Could you copy, exactly as written, every line from the first line of the records through the one containing "(acoef g M j a)%:R"?

Collected data
'''

Lemma meval_xvar i : (2 <= i < n)%N -> (xvar F g i).@[xv] = xval g l z i.
Proof.
move=> hi; rewrite /xvar; case: insubP => [m _ em|].
  by rewrite mevalXU /xpt em; congr xval; lia.
by move/negP; case; rewrite /nn in hi *; lia.
Qed.

Lemma meval_Xmon (a : expvec) :
  (Xmon F g l M a).@[xv] =
  (\prod_(1 <= i < c) xval g l z i.+1 ^+ aa g M a i) *
  \prod_(c.+1 <= i < n) xval g l z i ^+ aa g M a i.
Proof.
have [c_n [c_pos [c_lt g_pos]]] := cut_facts hl.
rewrite /Xmon rmorphM !rmorph_prod big_add1 /=; congr (_ * _).
  by apply: eq_big_nat => i hi; rewrite rmorphXn /= meval_xvar ?subn1 //; lia.
by apply: eq_big_nat => i hi; rewrite rmorphXn /= meval_xvar //; lia.
Qed.

Lemma meval_Qsum d j :
  (Qsum F g l M d j).@[xv] =
  \sum_(a : expvec | acond g l M d a)
     (acoef g M j a)%:R * (Xmon F g l M a).@[xv].
Proof. by rewrite /Qsum rmorph_sum; apply: eq_bigr => a _; rewrite /= mevalZ. Qed.

Lemma meval_Qls p s j : MM p s = M -> (1 <= j)%N ->
  (Qls F p s g l j).@[xv] = (if (j < c)%N then xval g l z j.+1 else 1) *
    (Qsum F g l M (if (j <= c)%N then (l - 1)%N else l) j).@[xv].
Proof.
move=> hMM hj; have [c_n [c_pos [c_lt g_pos]]] := cut_facts hl.
rewrite /Qls /= hMM; case: ltngtP => h /=; rewrite ?mul1r //.
by rewrite rmorphM /= meval_xvar //; lia.
Qed.

Hypothesis z_inj : forall i j : nat, (1 <= i)%N -> (i < j)%N -> (j <= n)%N -> z i != z j.

Lemma diff_neq0 i : (1 <= i < n)%N -> z i - z n != 0.
Proof. by move=> /andP[h1 h2]; rewrite subr_eq0 z_inj // ltnW. Qed.

Lemma prod_diff_neq0 m1 m2 (e : nat -> nat) : (1 <= m1)%N -> (m2 <= n)%N ->
  \prod_(m1 <= i < m2) (z i - z n) ^+ e i != 0.
Proof.
move=> h1 h2; rewrite prodf_seq_neq0; apply/allP => i; rewrite mem_index_iota => hi /=.
by rewrite expf_neq0 // diff_neq0 //; lia.
Qed.

Local Notation wc := (z c - z n).

Lemma prod_xval_low (b : nat -> nat) :
  \prod_(1 <= i < c) xval g l z i.+1 ^+ b i =
  wc ^+ (\sum_(1 <= i < c) b i) / \prod_(1 <= i < c) (z i - z n) ^+ b i.
Proof.
rewrite -prodrXr -prodfV -big_split /=; apply: eq_big_nat => i hi.
by rewrite /xval ifT ?expr_div_n //; lia.
Qed.

Lemma prod_xval_high (b : nat -> nat) :
  \prod_(c.+1 <= i < n) xval g l z i ^+ b i =
  \prod_(c.+1 <= i < n) (z i - z n) ^+ b i / wc ^+ (\sum_(c.+1 <= i < n) b i).
Proof.
rewrite -prodrXr -prodfV -big_split /=; apply: eq_big_nat => i hi.
by rewrite /xval ifF ?expr_div_n //; lia.
Qed.

(* x_1^M = prod_{i<=c} (z_i - z_n)^M: each factor splits into the powers
   e_j i - b_i and b_i, plus the power of z_j - z_n missing from e_j j. *)
Lemma x1_pow_split j (b : nat -> nat) : (1 <= j <= n)%N ->
  (forall i, (1 <= i < n)%N -> (b i <= mult j i)%N) ->
  \prod_(1 <= i < c.+1) (z i - z n) ^+ (mult j i - b i) *
  \prod_(1 <= i < c) (z i - z n) ^+ b i * wc ^+ b c *
  (if (j <= c)%N then z j - z n else 1) = x1 g l z ^+ M.
Proof.
move=> hj hb; have [c_n [c_pos [c_lt g_pos]]] := cut_facts hl.
rewrite /x1 -prodrXl.
have -> : \prod_(1 <= i < c.+1) (z i - z n) ^+ M =
    \prod_(1 <= i < c.+1) ((z i - z n) ^+ (mult j i - b i) * (z i - z n) ^+ b i *
                           (if i == j then z i - z n else 1)).
  apply: eq_big_nat => i hi; move: (hb i ltac:(lia)); rewrite /mult.
  case: eqP => _ hbi; last by rewrite mulr1 -exprD subnK.
  by rewrite -exprD -exprSr subnK // subn1 prednK.
rewrite !big_split /= -big_mkcond big_nat1_eq.
rewrite [\prod_(1 <= i < c.+1) (z i - z n) ^+ b i]big_nat_recr //= !mulrA.
by have -> : (0 < j < c.+1)%N = (j <= c)%N by move/andP: hj => [? ?]; apply/idP/idP; lia.
Qed.

(* The factor x_{j+1} of Q_j (j < c) accounts for the difference between
   the shifts l - 1 and l. *)
Lemma extra_factor j : (1 <= j)%N ->
  (if (j < c)%N then xval g l z j.+1 else 1) * (if (j <= c)%N then z j - z n else 1) *
  wc ^+ (if (j <= c)%N then (l - 1)%N else l) = wc ^+ l.
Proof.
move=> hj; have [c_n [c_pos [c_lt g_pos]]] := cut_facts hl.
have hl1 : (l - 1).+1 = l by lia.
case: (ltngtP j c) => hjc /=.
- rewrite /xval ifT; last by lia.
  by rewrite /= divfK ?diff_neq0 -?exprS ?hl1 //; lia.
- by rewrite !mul1r.
- by rewrite hjc mul1r -exprS hl1.
Qed.

Lemma magnitude j (b : nat -> nat) : (1 <= j <= n)%N ->
  (forall i, (1 <= i < n)%N -> (b i <= mult j i)%N) ->
  (\sum_(1 <= i < c.+1) b i =
   \sum_(c.+1 <= i < n) b i + (if (j <= c)%N then l - 1 else l))%N ->
  wc ^+ l * \prod_(1 <= i < n) (z i - z n) ^+ wexp j i (b i)
  = x1 g l z ^+ M * (if (j < c)%N then xval g l z j.+1 else 1) *
    ((\prod_(1 <= i < c) xval g l z i.+1 ^+ b i) *
     \prod_(c.+1 <= i < n) xval g l z i ^+ b i).
Proof.
move=> hj hb hA; have [c_n [c_pos [c_lt g_pos]]] := cut_facts hl.
have wc_neq0 : wc != 0 by apply: diff_neq0; lia.
set d := if (j <= c)%N then (l - 1)%N else l.
set B := (\sum_(c.+1 <= i < n) b i)%N.
have split_w : \prod_(1 <= i < n) (z i - z n) ^+ wexp j i (b i) =
    \prod_(1 <= i < c.+1) (z i - z n) ^+ (mult j i - b i) *
    \prod_(c.+1 <= i < n) (z i - z n) ^+ b i.
  rewrite prod_split_cut; congr (_ * _); apply: eq_big_nat => i hi; rewrite /wexp.
    by rewrite ifT //; lia.
  by rewrite ifF //; lia.
have hA0 : wc ^+ (\sum_(1 <= i < c) b i) = wc ^+ B * wc ^+ d / wc ^+ b c.
  by rewrite -exprD -hA big_nat_recr //= exprD mulfK // expf_neq0.
rewrite split_w prod_xval_low prod_xval_high hA0.
rewrite -(@x1_pow_split j b hj hb) -(@extra_factor j (proj1 (andP hj))) -/d.
have P1_neq0 := @prod_diff_neq0 1 c b (leqnn _) (ltnW c_lt).
have wB_neq0 : wc ^+ B != 0 by rewrite expf_neq0.
have wbc_neq0 : wc ^+ b c != 0 by rewrite expf_neq0.
by field; rewrite P1_neq0 wbc_neq0 wB_neq0.
Qed.

Lemma term_identity j ps (f : expvec) :
  (1 <= j <= n)%N -> ps = (2 * M).+1 ->
  (-1) ^+ (n * M - l * ps) * wc ^+ l *
   ((\prod_(1 <= i < n) (z n - z i) ^+ wexp j i (aa g M f i)) *+
      \prod_(1 <= i < n) 'C(mult j i, aa g M f i) *
    ((l * ps - 1 - (M - (j == n)))%N == \sum_(1 <= i < n) vexp j i (aa g M f i))%:R)
  = x1 g l z ^+ M * (if (j < c)%N then xval g l z j.+1 else 1) *
    (if acond g l M (if (j <= c)%N then (l - 1)%N else l) f
     then (acoef g M j f)%:R * (Xmon F g l M f).@[xv] else 0).
Proof.
move=> hj hps; set b := aa g M f; set d := if (j <= c)%N then (l - 1)%N else l.
have acoefE : acoef g M j f = (\prod_(1 <= i < n) 'C(mult j i, b i))%N by [].
have [C0 | /prod_binomial_in_range hb] :=
    eqVneq (\prod_(1 <= i < n) 'C(mult j i, b i))%N 0%N.
  by rewrite acoefE C0 mulr0n mul0r mulr0; case: acond; rewrite ?mul0r mulr0.
rewrite degree_matches // /acond -/b -/d; case: eqP => hAB; last by rewrite !mulr0.
have sq : (-1) ^+ (n * M - l * ps) * (-1) ^+ (n * M - l * ps) = 1 :> F.
  by rewrite -exprMn mulrNN mulr1 expr1n.
rewrite (@sign_matches j ps b hj hps hb hAB) meval_Xmon mulr1 -mulr_natr acoefE.
transitivity ((-1) ^+ (n * M - l * ps) * (-1) ^+ (n * M - l * ps) *
  (wc ^+ l * \prod_(1 <= i < n) (z i - z n) ^+ wexp j i (b i)) *
  (\prod_(1 <= i < n) 'C(mult j i, b i))%:R); first by ring.
by rewrite sq mul1r (@magnitude j b hj hb hAB); ring.
Qed.

Lemma Itilde_identity p s j : MM p s = M -> (p ^ s = (2 * M).+1)%N -> (1 <= j <= n)%N ->
  (-1) ^+ (n * MM p s - l * p ^ s)%N * (z (n - 2 * l)%N - z n) ^+ l * Itilde p s g l z j
  = x1 g l z ^+ MM p s * (Qls F p s g l j).@[xv].
Proof.
move=> hMM hps hj.
have hK : (M <= l * p ^ s - 1)%N by rewrite hps; case/andP: hl => hl1 _; nia.
rewrite (@Itilde_coef p s j hj hMM hK) prod_lin_expand coef_sum hMM.
rewrite meval_Qls //; last by case/andP: hj.
rewrite meval_Qsum mulrA mulr_sumr mulr_sumr [RHS]big_mkcond /=.
apply: eq_bigr => f _.
by rewrite prod_bterm coef_monomial term_identity //; case: acond; rewrite ?mulr0.
Qed.

End Expansion.

Section ConstantTerm.
Context {F : fieldType} {g l M : nat}.
Hypothesis hl : (1 <= l <= g)%N.
Hypothesis hlM : (l <= M)%N.
Local Notation n := (nn g).
Local Notation c := (cut g l).
Local Notation expvec := {ffun 'I_(n - 1) -> 'I_M.+1}.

'''

### [Written answer]
Lemma meval_xvar i : (2 <= i < n)%N -> (xvar F g i).@[xv] = xval g l z i.
Proof.
move=> hi; rewrite /xvar; case: insubP => [m _ em|].
  by rewrite mevalXU /xpt em; congr xval; lia.
by move/negP; case; rewrite /nn in hi *; lia.
Qed.

Lemma meval_Xmon (a : expvec) :
  (Xmon F g l M a).@[xv] =
  (\prod_(1 <= i < c) xval g l z i.+1 ^+ aa g M a i) *
  \prod_(c.+1 <= i < n) xval g l z i ^+ aa g M a i.
Proof.
have [c_n [c_pos [c_lt g_pos]]] := cut_facts hl.
rewrite /Xmon rmorphM !rmorph_prod big_add1 /=; congr (_ * _).
  by apply: eq_big_nat => i hi; rewrite rmorphXn /= meval_xvar ?subn1 //; lia.
by apply: eq_big_nat => i hi; rewrite rmorphXn /= meval_xvar //; lia.
Qed.

Lemma meval_Qsum d j :
  (Qsum F g l M d j).@[xv] =
  \sum_(a : expvec | acond g l M d a)
     (acoef g M j a)%:R * (Xmon F g l M a).@[xv].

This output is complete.